DayFR Euro

At the Louvre, the mysterious Italian Cimabue who revolutionized Western painting: News

The Louvre Museum in presents from Wednesday a new exhibition devoted to the Italian Cimabue (around 1240-1302) who revolutionized Western painting at the end of the 13th century, opening the way to naturalism, but whose biography remains lacunar.

Entitled “Review Cimabue. At the origins of Italian painting”, it includes around forty works, including some of those by this visionary painter that have come down to us and which can be moved, as well as rare illuminated manuscripts.

Through a thematic journey, it highlights the novelty of his way of painting between 1280 and 1290: seeking to suggest a three-dimensional space, the realism of bodies and objects of his time, non-existent until then, he radically breaks with the representational conventions inherited from oriental art, particularly Byzantine icons.

Cimabue’s paintings are compared with some of his predecessors and successors, including Giotto and Duccio di Buoninsegna, for whom he was a master and who were inspired by his narrative verve. Many of them were on loan from Italy.

– Rediscovery –

Two paintings, whose restoration was completed at the end of 2024, constitute the pivot of the exhibition.

The first, a monumental virgin and child brought back from the Napoleonic campaigns and ceded to by Italy, is called the “Maestà”. The work has often been called “the birth certificate of Western painting” because of the humanization of the holy figures and the illusionist quest of the painter, particularly in the rendering of space with the throne seen sideways. .

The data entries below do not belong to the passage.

Lemma sum_injective_ffun (R : nmodType) d k (y0 : 'I_d) (phi : {ffun 'I_k -> 'I_d} -> R) :
  \sum_(f : {ffun 'I_k -> 'I_d} | injectiveb f) phi f =
  \sum_(T : {set 'I_d} | #|T| == k) \sum_(s : 'S_k) phi [ffun i => enum_nth y0 T (s i)].
Proof.
rewrite (partition_big (fun f : {ffun 'I_k -> 'I_d} => [set f i | i : 'I_k])
           (fun T : {set 'I_d} => #|T| == k)) /=; last first.
  by move=> f /injectiveP f_inj; rewrite card_imset // card_ord.
apply: eq_bigr => T /eqP cardT.
set t := enum_nth y0 T.
have t_inj : injective t := enum_nth_inj cardT.
have indext i : index (t i) (enum T) = i.
  by rewrite index_uniq ?enum_uniq // -cardE cardT.
pose h (g : {ffun 'I_k -> 'I_k}) : {ffun 'I_k -> 'I_d} := [ffun i => t (g i)].
pose h' (f : {ffun 'I_k -> 'I_d}) : {ffun 'I_k -> 'I_k} :=
  [ffun i => insubd i (index (f i) (enum T))].
rewrite (reindex_onto h h'); last first.
  move=> f /andP [_ /eqP im_f]; apply/ffunP => i; rewrite !ffunE.
  have fiT : f i \in T by rewrite -im_f imset_f.
  have lt_fi : (index (f i) (enum T) < k)%N.
    by move: (index_mem (f i) (enum T)); rewrite mem_enum fiT -cardE cardT.
  by rewrite /t /enum_nth val_insubd lt_fi nth_index ?mem_enum.
rewrite (eq_bigl (fun g : {ffun 'I_k -> 'I_k} => injectiveb g)); last first.
  move=> g; have -> : h' (h g) == g.
    by apply/eqP/ffunP => i; apply: val_inj; rewrite !ffunE val_insubd indext ltn_ord.
  rewrite andbT; have [/injectiveP g_inj | g_ninj] := boolP (injectiveb g).
    have hg_inj : injective (h g) by move=> i j; rewrite !ffunE => /t_inj/g_inj.
    rewrite (introT (injectiveP _) hg_inj) /= eqEcard card_imset // card_ord cardT leqnn.
    by rewrite andbT; apply/subsetP => _ /imsetP [i _ ->]; rewrite ffunE enum_nth_mem.
  apply/negbTE; apply: contra g_ninj => /andP [/injectiveP hg_inj _].
  by apply/injectiveP => i j gij; apply: hg_inj; rewrite !ffunE gij.
rewrite (reindex (@pval _)) /=; last first.
  by exists (insubd (1%g : 'S_k)) => [s _ | f f_inj]; [exact: valKd | exact: insubdK].
apply: eq_big => [s | s _]; first by rewrite (valP s).
by congr phi; apply/ffunP => i; rewrite !ffunE pvalE.
Qed.

Section Minors.
Variable F : fieldType.

Lemma minor_atE q m (x0 : 'I_m) (M : 'M[F]_(q, m)) S :
  minor_at M S = if #|S| == q then \det (colsub (enum_nth x0 S) M) else 0.
Proof.
rewrite /minor_at; case: eqP => // cardS.
case E: (enum S) => [|s0 s].
  have q0 : q = 0%N by rewrite -cardS cardE E.
  by move: M; rewrite q0 => M; rewrite det_mx00.
congr (\det _); apply/matrixP => i j; rewrite !mxE /enum_nth -E (set_nth_default x0) //.
by rewrite -cardE cardS ltn_ord.
Qed.

Lemma minor_at_mul q m (x0 : 'I_m) (P : 'M[F]_q) (M : 'M[F]_(q, m)) S :
  minor_at (P *m M) S = \det P * minor_at M S.
Proof.
by rewrite !(minor_atE x0); case: eqP; rewrite ?mulr0 // -mulmx_colsub det_mulmx.
Qed.

Lemma colsub_col_mx p1 p2 q m (g : 'I_q -> 'I_m) (A : 'M[F]_(p1, m)) (B : 'M[F]_(p2, m)) :
  colsub g (col_mx A B) = col_mx (colsub g A) (colsub g B).
Proof. by apply/matrixP => i j; rewrite !mxE; case: splitP => i' _; rewrite !mxE. Qed.

Section LowerRowsExpansion.
Variables (r k d : nat) (C : 'M[F]_(r, r + k)) (B : 'M[F]_(d, r + k)).

Local Notation D f := (\det (col_mx C (rowsub f B))).

Lemma det_col_mx_mulmx_ffun (Y : 'M[F]_(k, d)) :
  \det (col_mx C (Y *m B)) = \sum_(f : {ffun 'I_k -> 'I_d}) (\prod_i Y i (f i)) * D f.
Proof.
pose Cs (s : 'S_(r + k)) := \prod_(i < r) C i (s (lshift k i)).
have DE (f : 'I_k -> 'I_d) :
    D f = \sum_(s : 'S_(r + k)) (-1) ^+ s * (Cs s * \prod_i B (f i) (s (rshift r i))).
  apply: eq_bigr => s _; rewrite big_split_ord /=; congr (_ * (_ * _)).
    by apply: eq_bigr => i _; rewrite col_mxEu.
  by apply: eq_bigr => i _; rewrite col_mxEd mxE.
under eq_bigr do rewrite DE big_distrr /=.
rewrite exchange_big; apply: eq_bigr => s _.
rewrite big_split_ord /=.
under [X in _ * (_ * X)]eq_bigr do rewrite col_mxEd mxE.
rewrite (bigA_distr_bigA (fun i l => Y i l * B l (s (rshift r i)))) /=.
rewrite !big_distrr /=; apply: eq_bigr => f _.
rewrite big_split /=.
under [X in _ * (X * _)]eq_bigr do rewrite col_mxEu.
rewrite /Cs; set y := \prod_(i < k) Y i (f i).
by rewrite [_ * (y * _)]mulrCA; apply: mulrCA.
Qed.

Lemma det_col_mx_rowsub_noninj (f : {ffun 'I_k -> 'I_d}) : ~~ injectiveb f -> D f = 0.
Proof.
case/injectivePn => i1 [i2 neq_i12 eq_f].
apply: (@determinant_alternate _ _ _ (rshift r i1) (rshift r i2)).
  by rewrite (inj_eq (@rshift_inj _ _)).
by move=> j; rewrite !col_mxEd !mxE eq_f.
Qed.

Lemma det_col_mx_rowsub_perm (t : 'I_k -> 'I_d) (s : 'S_k) :
  D (t \o s) = (-1) ^+ s * D t.
Proof.
have -> : col_mx C (rowsub (t \o s) B) = block_mx 1%:M 0 0 (perm_mx s) *m col_mx C (rowsub t B).
  rewrite mul_block_col !mul1mx !mul0mx addr0 add0r -row_permE.
  by congr col_mx; apply/matrixP => i j; rewrite !mxE.
by rewrite det_mulmx det_ublock det1 mul1r det_perm.
Qed.

Lemma det_col_mx_mulmx (y0 : 'I_d) (Y : 'M[F]_(k, d)) :
  \det (col_mx C (Y *m B)) =
  \sum_(T : {set 'I_d} | #|T| == k) minor_at Y T * D (enum_nth y0 T).
Proof.
rewrite det_col_mx_mulmx_ffun (bigID (fun f : {ffun _} => injectiveb f)) /=.
rewrite [X in _ + X]big1 ?addr0 => [|f /det_col_mx_rowsub_noninj ->]; last by rewrite mulr0.
rewrite (sum_injective_ffun y0); apply: eq_bigr => T /eqP cardT.
rewrite (minor_atE y0) cardT eqxx big_distrl /=; apply: eq_bigr => s _.
have -> : rowsub [ffun i => enum_nth y0 T (s i)] B = rowsub (enum_nth y0 T \o s) B.
  by apply/matrixP => i j; rewrite !mxE ffunE.
rewrite det_col_mx_rowsub_perm mulrCA mulrA; congr (_ * _ * _).
by apply: eq_bigr => i _; rewrite !mxE ffunE.
Qed.

End LowerRowsExpansion.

Its restoration was “an opportunity to discover new details that we no longer perceived at all, including the subtlety of the colors, including the luminous brilliance of the blues all painted in lapis lazuli, and fragments of Arabic writing , in which he was one of the first to take an interest”, explains Thomas Bohl, curator in the paintings department and curator of the exhibition.

The second, “The Derision of Christ”, a small painting retracing a passage in the life of Jesus where he is mocked before his flagellation, was acquired in 2023.

-

It was rediscovered in France in private homes in 2019 and classified as a National Treasure. It is part of a diptych of which the Louvre brings together for the first time the only three panels known to date (the other two were on loan from the National Gallery in London and the Frick Collection in New York).

“Cimabue anchors the composition in the daily life of his time, daring to dress the characters in clothing of his time. He thus echoes the concerns of the Franciscans, promoters of a more interiorized and immediate spirituality,” specifies the curator.

– Dante –

Cenni di Pepo alias Cimabue has long remained a mysterious painter who has fascinated poets, artists, collectors and art historians for seven centuries. Knowledge about his biography is very slim, as the exhibition prologue reminds us.

We don’t even know the meaning of his nickname and only a few archive documents make it possible to identify the artist and provide rare references in his career.

“It was Dante, in a passage from +the Divine Comedy+, who forged the myth at the beginning of the 14th century: by establishing its importance, he was at the origin of the fascination that the name of Cimabue would exercise from the Medici until today,” emphasizes Mr. Bohl.

“Florence, Assisi, Pisa, we know that he worked in the largest churches in Italy and enjoyed extraordinary fame,” he adds.

The exhibition concludes with the presentation of the great “Saint Francis of Assisi Receiving the Stigmata” by Giotto.